Marte in Cancro inserisce, tuttavia, in un Tema così disposto all’azione conquistatrice, il tarlo del dubbio, la sensibilità per l’indifeso, l’inquieta emotività, tutti derivanti (probabilmente), da un vissuto familiare irrisolto, forse da una violenza morale e materiale subite tra le pareti domestiche e magari durante l’età infantile. Marte approfondisce, con le lesioni di cui soffre, possibili disordini sessuali che toccano il livello psichico e non solo quello puramente affettivo e relazionale. Il pianeta, quando si trova in Cancro, tende a subire o a mettere in atto violenze in famiglia. Ma il pianeta nel Tema di Ki-duk è anche splendidamente recuperato. È sestile a Plutone in Vergine ma, soprattutto, trigono a Nettuno in Scorpione. La tensione emotiva, la sofferenza interiore viene tramutata in estasi artistica e compositiva geniale. Senza scandalizzarsi di utilizzare elementi disturbanti, impregnati di crudeltà e sadismo (Scorpione), che vengono rovesciati, quasi imprevedibilmente, sullo scorrere delle scene e lo spettatore può restarne, a seconda dei gusti e degli stati d’animo, colpito o profondamente turbato.

Le sue suggestioni a volte sembrano riportarci al Luminismo veneto rinascimentale e a Caravaggio; ricordo, a questo proposito, che il regista si è dedicato, prima di avvicinarsi al cinema, alla pittura. Il suo interesse per pittura scaturisce, senz’altro dai gradi della pittura e della grafica (finali della Bilancia, domicilio di X- luce) che, seppur vuoti, ricevono aspetti positivi (il sestile di Urano alla fine del Leone e il sestile del Sole alla fine del Sagittario).

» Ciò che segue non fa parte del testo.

(* The bound of [pole_weight_ratio] decays like [1 / (s - b m) ^ 2], which is summable
   for separated poles, and its constant can be made small through [T]. *)
Lemma pole_weight_tail_small s b c : 0 < c -> s < w 0%nat -> b 0%nat < s ->
  (forall m, b (S m) <= b m - c) ->
  exists n, forall M,
    sum_below (fun m => pole_weight (S n) (b m)) M <= pole_weight (S n) s / 2.
Proof.
  intros Hc Hs Hb0 Hbc.
  set (d0 := s - b 0%nat). assert (Hd0 : 0 < d0) by (unfold d0; lra).
  set (K := / d0 ^ 2 + / (c * d0)).
  assert (HK : 0 < K).
  { assert (0 < / d0 ^ 2) by (apply Rinv_0_lt_compat, pow_lt; lra).
    assert (0 < / (c * d0)) by (apply Rinv_0_lt_compat, Rmult_lt_0_compat; lra).
    unfold K; lra. }
  set (r0 := inv_gap s 0). assert (Hr0 : 0 < r0) by (apply inv_gap_pos; lra).
  destruct (inv_gap_tail_unbounded s (2 * K / r0) Hs) as [n HT].
  set (T := sum_below (fun i => inv_gap s (S i)) n) in HT.
  assert (HTpos : 0 < T) by (assert (0 < 2 * K / r0) by (apply Rdiv_lt_0_compat; lra); lra).
  set (Qs := pole_weight (S n) s).
  assert (HQs : 0 <= Qs) by (apply pole_weight_nonneg; lra).
  assert (Hbm : forall m,
            pole_weight (S n) (b m) <= Qs / (r0 * T) * / (d0 + INR m * c) ^ 2).
  { intros m.
    pose proof (steps_ge_bound b c Hbc m). pose proof (pos_INR m).
    assert (Hdm : 0 < d0 + INR m * c <= s - b m) by (unfold d0; nra).
    pose proof (pole_weight_ratio s (b m) n ltac:(lra) Hs) as Hq. fold r0 T Qs in Hq.
    pose proof (pole_weight_nonneg (S n) (b m) ltac:(lra)).
    assert (Hsq : (d0 + INR m * c) ^ 2 <= (s - b m) ^ 2) by (apply pow_incr; lra).
    replace (Qs / (r0 * T) * / (d0 + INR m * c) ^ 2)
      with (Qs / ((d0 + INR m * c) ^ 2 * r0 * T)) by (field; split; lra).
    assert (Hden : 0 < (d0 + INR m * c) ^ 2 * r0 * T)
      by (apply Rmult_lt_0_compat; [apply Rmult_lt_0_compat; [apply pow_lt|] |]; lra).
    apply (Rle_div_r _ _ _ Hden).
    eapply Rle_trans; [|exact Hq].
    apply Rmult_le_compat_l; [lra|].
    apply Rmult_le_compat_r; [lra|]. apply Rmult_le_compat_r; lra. }
  exists n. intros M. fold Qs.
  apply Rle_trans with (sum_below (fun m => Qs / (r0 * T) * / (d0 + INR m * c) ^ 2) M);
    [apply sum_below_le; intros m _; apply Hbm|].
  rewrite sum_below_scal.
  assert (Hcoef : 0 <= Qs / (r0 * T))
    by (apply Rdiv_le_0_compat; [lra | apply Rmult_lt_0_compat; lra]).
  assert (HKT : K <= r0 * T / 2).
  { apply Rmult_le_compat_l with (r := r0 / 2) in HT; [|lra].
    replace (r0 / 2 * (2 * K / r0)) with K in HT by (field; lra). lra. }
  pose proof (inv_sq_sum_bound c M d0 Hc Hd0) as Hsum. fold K in Hsum.
  apply Rle_trans with (Qs / (r0 * T) * (r0 * T / 2)); [apply Rmult_le_compat_l; lra|].
  right. field. lra.
Qed.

Il pianeta della bellezza, dell’arte intesa in senso globale, Venere, è ospitata in Aquario, testimoniando e rafforzando una vena artistica molto anticonvenzionale. Si tratta di una Venere molto lesa (quadrata “al grado” a Nettuno), ma non per questo, anzi magari proprio in virtù di queste “ferite”, il pianeta riesce ad essere particolarmente visionario, a travestire la realtà, a sovvertirla. Unico recupero che il pianeta della creatività artistica riceve, arriva da Giove in Capricorno, un pacato semisestile d’accordo, ma che comunque ribadisce la regola di rapporti Giove-Venere in chi fa o si interessa di Cinema.